In the midst of the seemingly relentless medical assault on the consumption of wine, the authoritative figure of Louis Pasteur offers wine drinkers some muchneeded support. It was, after all, this giant of 19th-century science who pronounced wine to be "the most healthful and most hygienic of beverages", and who also believed that "a bottle of wine contains more philosophy than all the books in the world". And Pasteur's own most extensive study of wine, the Études sur le vin of 1866, is much more than merely a scientific treatise or a record of experiments.

The extraordinary expansion of the French economy under Louis-Napoléon in the mid-19th century had exposed underlying problems in French viticulture which had been disguised while France's economy was more agricultural than industrial, and while most French wine was drunk — and was made to be drunk — very young and in the locality where it was grown. But the commercial treaties which had opened up vast and tempting markets for French wine had also exposed those wines to the rigours of transportation and to extreme variations of climate.
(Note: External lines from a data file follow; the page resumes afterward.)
Lemma Jfrom_between s t a : J s -> Jfrom J s t -> s <= a <= t -> Jfrom J s a.
Proof.
move=> Js [Jt st] /andP[sa at_]; split => //.
have a0 := le_trans (interval_ge0 Js) sa.
by case: J_interval Jt => [->|[Tinf ->]] //= /andP[_ tT]; rewrite a0 (le_trans at_ tT).
Qed.

End TimeInterval.

Section CountingProcess.
Variables (R : realType) (Omega : Type) (T : nat -> Omega -> R).
Hypothesis T_incr : forall w m n, (m < n)%N -> T m w < T n w.
Hypothesis T0 : forall w, T 0%N w = 0.
Hypothesis T_fin : forall w t, exists K : nat, forall n, T n w <= t -> (n <= K)%N.

Lemma T_le w m n : (m <= n)%N -> T m w <= T n w.
Proof. by rewrite leq_eqVlt => /orP[/eqP->//|/T_incr/ltW]. Qed.

Lemma T_ge0 w n : 0 <= T n w.
Proof. by rewrite -(T0 w); exact: T_le. Qed.

Lemma NcountP t w : 0 <= t ->
  T (Ncount T t w) w <= t /\ forall m, T m w <= t -> (m <= Ncount T t w)%N.
Proof.
move=> t0; rewrite /Ncount.
suff : exists n, (fun n => T n w <= t /\ forall m, T m w <= t -> (m <= n)%N) n.
  by move=> /(xgetPex 0%N).
have T0_le : exists n, T n w <= t by exists 0%N; rewrite T0.
have [M leM] := T_fin w t.
by have [n Tn nmax] := ex_maxnP T0_le leM; exists n.
Qed.

Lemma Ncount_geE t w n : 0 <= t -> (n <= Ncount T t w)%N = (T n w <= t).
Proof.
move=> t0; have [TN Nmax] := NcountP w t0.
by apply/idP/idP => [/(T_le w) /le_trans -> //|/Nmax].
Qed.

Lemma le_Ncount s t w : 0 <= s -> s <= t -> (Ncount T s w <= Ncount T t w)%N.
Proof.
move=> s0 st; rewrite Ncount_geE ?(le_trans s0)//.
by apply: le_trans st; have [] := NcountP w s0.
Qed.

Lemma Ncount_T n w : Ncount T (T n w) w = n.
Proof.
have [TN Nmax] := NcountP w (T_ge0 w n).
apply/eqP; rewrite eqn_leq (Nmax n (lexx _)) andbT leqNgt.
by apply/negP => /(T_incr w); rewrite ltNge TN.
Qed.

Variables (s t : R).
Hypotheses (s0 : 0 <= s) (st : s <= t).

Lemma Ncount_addNst w : (Ncount T s w + Nst T s t w)%N = Ncount T t w.
Proof. by rewrite /Nst subnKC // le_Ncount. Qed.

Lemma Ts_gt k w : (0 < k)%N -> s < Ts T s k w.
Proof.
case: k => // k _ /=.
by rewrite ltNge -Ncount_geE // -ltnNge -addn1 leq_add2l.
Qed.

Lemma Ts_bounds k w : (k <= Nst T s t w)%N -> s <= Ts T s k w <= t.
Proof.
case: k => [|k] le_k; first by rewrite /= lexx st.
rewrite ltW ?Ts_gt //= -Ncount_geE ?(le_trans s0) //.
by rewrite -(Ncount_addNst w) leq_add2l.
Qed.

Lemma Ts_lt k w : (k < Nst T s t w)%N -> Ts T s k w < Ts T s k.+1 w.
Proof. by case: k => [|k] lt_k; [exact: Ts_gt | apply: T_incr; rewrite ltn_add2l]. Qed.

Lemma Ts_le i j w : (i <= j <= Nst T s t w)%N -> Ts T s i w <= Ts T s j w.
Proof.
elim: j => [|j IH]; first by rewrite leqn0 => /andP[/eqP->].
case/andP; rewrite leq_eqVlt => /orP[/eqP->//|]; rewrite ltnS => le_ij lt_j.
by apply: le_trans (ltW (Ts_lt lt_j)); apply: IH; rewrite le_ij ltnW.
Qed.

Lemma xproc_Nst (X : finType) (x : nat -> Omega -> X) w :
  xproc x T t w = xs x T s (Nst T s t w) w.
Proof.
rewrite /xs /xproc; case E: (Nst T s t w) => [|n] /=.
  by move: (Ncount_addNst w); rewrite E addn0 => ->.
by rewrite -E Ncount_addNst Ncount_T.
Qed.

Lemma Ts_stopped_bounds k w : s <= Ts_stopped T s t k w <= t.
Proof. by apply: Ts_bounds; exact: geq_minr. Qed.

Lemma Ts_stopped_le a b w : (a <= b)%N -> Ts_stopped T s t a w <= Ts_stopped T s t b w.
Proof.
move=> le_ab; apply: Ts_le; rewrite geq_minr andbT leq_min geq_minr andbT.
exact: leq_trans (geq_minl _ _) le_ab.
Qed.

Lemma random_evolution_stopped (Y : normedModType R) (X : finType)
    (x : nat -> Omega -> X) (Gam : X -> R -> R -> Y -> Y) (Dop : X -> X -> Y -> Y) w f :
  random_evolution x T Gam Dop s t w f =
  stopped_evolution x T Gam Dop s t (Nst T s t w) w f.
Proof.
rewrite /random_evolution /stopped_evolution /Ts_stopped /xs_stopped.
rewrite (xproc_Nst x) minnn; apply: eq_in_foldr => k.
rewrite mem_iota add1n ltnS => /andP[_ le_kN] g.
by rewrite /stopped_step /Ts_stopped /xs_stopped (minn_idPl le_kN)
  (minn_idPl (leq_trans (leq_pred k) le_kN)).
Qed.

End CountingProcess.

Section MeasurableComposition.
Variables (d : measure_display) (M : measurableType d).

Definition measurable_wrt (Z : Type) (B : set (set Z)) (g : M -> Z) : Prop :=
  forall A, B A -> measurable (g @^-1` A).

Lemma measurable_wrt_cst (Z : Type) (B : set (set Z)) (c : Z) :
  measurable_wrt B (fun _ => c).
Proof.
move=> A _; have [Ac|nAc] := pselect (A c).
  by rewrite (_ : _ @^-1` A = setT) //; apply/seteqP; split.
by rewrite (_ : _ @^-1` A = set0) //; apply/seteqP; split.
Qed.

Lemma measurable_wrt_smallest (Z : Type) (D : set Z) (G : set (set Z)) (g : M -> Z) :
  (forall w, D (g w)) -> measurable_wrt G g -> measurable_wrt <<s D, G >> g.
Proof.
move=> Dg mg; apply: (smallest_sub (X := [set A | measurable (g @^-1` A)])) => //.
split => /=.
- by rewrite preimage_set0.
- move=> B mB; rewrite (_ : _ @^-1` _ = ~` (g @^-1` B)); first exact: measurableC.
  by apply/seteqP; split => w /=; [case | split; [exact: Dg|]].
- by move=> F mF; rewrite preimage_bigcup; exact: bigcupT_measurable.
Qed.

Variables (R : realType) (Y : normedModType R) (X : finType).

Lemma measurable_semigroup_family_comp (J : set R) (Gam : X -> R -> R -> Y -> Y) s
    (r u : M -> R) (z : M -> X) (g : M -> Y) :
  semigroup_family_measurable J Gam -> J s ->
  (forall w, Jfrom J s (r w)) -> (forall w, Jfrom J s (u w)) ->
  (forall w, r w <= u w) -> measurable_fun setT r -> measurable_fun setT u ->
  measurable_wrt setT z -> measurable_wrt (@borel_sets Y) g ->
  measurable_wrt (@borel_sets Y) (fun w => Gam (z w) (r w) (u w) (g w)).
Proof.
move=> mGam Js Jr Ju le_ru mr mu mz mg C BC.
have := mGam s Js C BC => /=; set Dom := [set _ | _]; set Gen := [set _ | _].
move/(measurable_wrt_smallest (g := fun w => (r w, u w, z w, g w))).
have -> : (fun w => (r w, u w, z w, g w)) @^-1` (Dom `&` [set v | C
    (Gam v.1.2 (Num.min v.1.1.1 v.1.1.2) (Num.max v.1.1.1 v.1.1.2) v.2)]) =
    (fun w => Gam (z w) (r w) (u w) (g w)) @^-1` C.
  apply/seteqP; split => w /=; rewrite (min_idPl (le_ru w)) (max_idPr (le_ru w)).
    by case.
  by move=> Cw; split=> //; split; [exact: Jr | exact: Ju].
apply=> [w|A [A1 [A2 [S [B [[mA1 _] [mA2 _] BB ->]]]]]]; first by split; [exact: Jr | exact: Ju].
rewrite (_ : _ @^-1` _ =
  r @^-1` A1 `&` (u @^-1` A2 `&` (z @^-1` S `&` g @^-1` B))) //.
apply: measurableI; first by rewrite -[r @^-1` A1]setTI; exact: mr.
apply: measurableI; first by rewrite -[u @^-1` A2]setTI; exact: mu.
by apply: measurableI; [exact: mz | exact: mg].
Qed.

Lemma measurable_jump_family_comp (Dop : X -> X -> Y -> Y)
    (z1 z2 : M -> X) (g : M -> Y) :
  jump_family_measurable Dop ->
  measurable_wrt setT z1 -> measurable_wrt setT z2 -> measurable_wrt (@borel_sets Y) g ->
  measurable_wrt (@borel_sets Y) (fun w => Dop (z1 w) (z2 w) (g w)).
Proof.
move=> mDop mz1 mz2 mg C BC.
apply: (measurable_wrt_smallest (g := fun w => (z1 w, z2 w, g w)) _ _ (mDop C BC)) => //.
move=> A [S1 [S2 [B [BB ->]]]].
rewrite (_ : _ @^-1` _ = z1 @^-1` S1 `&` (z2 @^-1` S2 `&` g @^-1` B)) //.
by apply: measurableI; [exact: mz1 | apply: measurableI; [exact: mz2 | exact: mg]].
Qed.

End MeasurableComposition.

Section AdaptedEvolution.
Variables (d : measure_display) (M : measurableType d).
Variables (R : realType) (Y : normedModType R) (X : finType).
Variables (x : nat -> M -> X) (T : nat -> M -> R) (J : set R).
Variables (Gam : X -> R -> R -> Y -> Y) (Dop : X -> X -> Y -> Y) (s t : R).
Hypothesis T_incr : forall w m n, (m < n)%N -> T m w < T n w.
Hypothesis T0 : forall w, T 0%N w = 0.
Hypothesis T_fin : forall w t, exists K : nat, forall n, T n w <= t -> (n <= K)%N.
Hypotheses (s0 : 0 <= s) (st : s <= t) (Js : J s).
Hypothesis J_between : forall a, s <= a <= t -> Jfrom J s a.
Hypothesis measurable_Gam : semigroup_family_measurable J Gam.
Hypothesis measurable_Dop : jump_family_measurable Dop.
Hypothesis measurable_Ts_stopped : forall k, measurable_fun setT (Ts_stopped T s t k).
Hypothesis measurable_xs_stopped : forall k, measurable_wrt setT (xs_stopped x T s t k).

Lemma measurable_Nst_ge k : measurable [set w | (k <= Nst T s t w)%N].
Proof.
case: k => [|k].
  by rewrite (_ : [set _ | _] = setT) //; apply/seteqP; split.
rewrite (_ : [set _ | _] = setT `&`
    (Ts_stopped T s t k.+1 \- Ts_stopped T s t k) @^-1` `]0, +oo[%classic).
  exact: (measurable_realfun.measurable_funB (measurable_Ts_stopped _)
    (measurable_Ts_stopped _) measurableT (measurable_itv _)).
apply/seteqP; split => w /=; rewrite in_itv /= andbT subr_gt0 /Ts_stopped.
  move=> lt_kN; split=> //; rewrite (minn_idPl (ltnW lt_kN)) (minn_idPl lt_kN).
  exact: (Ts_lt T_incr T0 T_fin s0 lt_kN).
case=> _; case: (ltnP k (Nst T s t w)) => // le_Nk.
by rewrite (minn_idPr (leqW le_Nk)) ltxx.
Qed.

Lemma measurable_stopped_foldr (l : seq nat) (b : M -> Y) :
  measurable_wrt (@borel_sets Y) b ->
  measurable_wrt (@borel_sets Y)
    (fun w => foldr (stopped_step x T Gam Dop s t w) (b w) l).
Proof.
elim: l => //= k l IH mb.
apply: (measurable_semigroup_family_comp measurable_Gam Js) => //.
- by move=> w; apply: J_between; exact: Ts_stopped_bounds.
- by move=> w; apply: J_between; exact: Ts_stopped_bounds.
- by move=> w; apply: Ts_stopped_le => //; exact: leq_pred.
- exact: measurable_jump_family_comp (IH mb).
Qed.

Lemma measurable_stopped_evolution m f :
  measurable_wrt (@borel_sets Y) (fun w => stopped_evolution x T Gam Dop s t m w f).
Proof.
apply: measurable_stopped_foldr.
apply: (measurable_semigroup_family_comp measurable_Gam Js) => //.
- by move=> w; apply: J_between; exact: Ts_stopped_bounds.
- by move=> w; apply: J_between; rewrite st lexx.
- by move=> w; have /andP[] := Ts_stopped_bounds T_incr T0 T_fin s0 st m w.
- exact: measurable_wrt_cst.
Qed.

Lemma measurable_random_evolution f :
  measurable_wrt (@borel_sets Y) (fun w => random_evolution x T Gam Dop s t w f).
Proof.
move=> C BC.
rewrite (_ : _ @^-1` C = \bigcup_m (([set w | (m <= Nst T s t w)%N] `\`
    [set w | (m.+1 <= Nst T s t w)%N]) `&`
    (fun w => stopped_evolution x T Gam Dop s t m w f) @^-1` C)).
  apply: bigcupT_measurable => m; apply: measurableI.
    by apply: measurableD; exact: measurable_Nst_ge.
  exact: measurable_stopped_evolution.
apply/seteqP; split => w /=; rewrite random_evolution_stopped //.
  by move=> Cw; exists (Nst T s t w) => //=; rewrite ltnn.
move=> [m _ [[le_mN /negP]]]; rewrite -leqNgt => le_Nm.
by have -> : Nst T s t w = m by apply/eqP; rewrite eqn_leq le_Nm.
Qed.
The result had been an unacceptable degree of spoilage. As an English wine merchant had written to Pasteur in October 1863: "The French are astonished that the trade in French wine has not expanded since the treaty of commerce. The reason for this is simple enough. To begin with we were eager to trade in these wines, but it wasn't long before we learned to our cost that to do so led to great losses and infinite embarrassment because of the maladies to which they are subject."

The scale of the problem was immense. In mid-19th century France two million hectares were given over to the cultivation of the vine. This produced 50 million hectolitres of wine, with an annual total value of 500 million francs. But if the problems associated with the transportation of French wine could be overcome and a global market for this luxury product be secured, that value would increase dramatically. The stakes were high.

The problem was severe enough — and the potential rewards great enough — for the Emperor himself to take an interest. In July 1863 he had commanded Pasteur to investigate the problem of wine spoilage and to propose remedies. A little over two years later, in December 1865, Pasteur presented the fruits of his research to the Emperor at the palace of Compiègne. It is not an exaggeration to say that our empirical understanding of the chemistry of wine and wine-making begins at the moment Pasteur bowed before Louis-Napoléon. Pasteur paid generous tribute to his predecessors in the study of wine and fermentation — men such as Chantal, Lavoisier, and Fabroni. Nevertheless, his own contribution was transformative.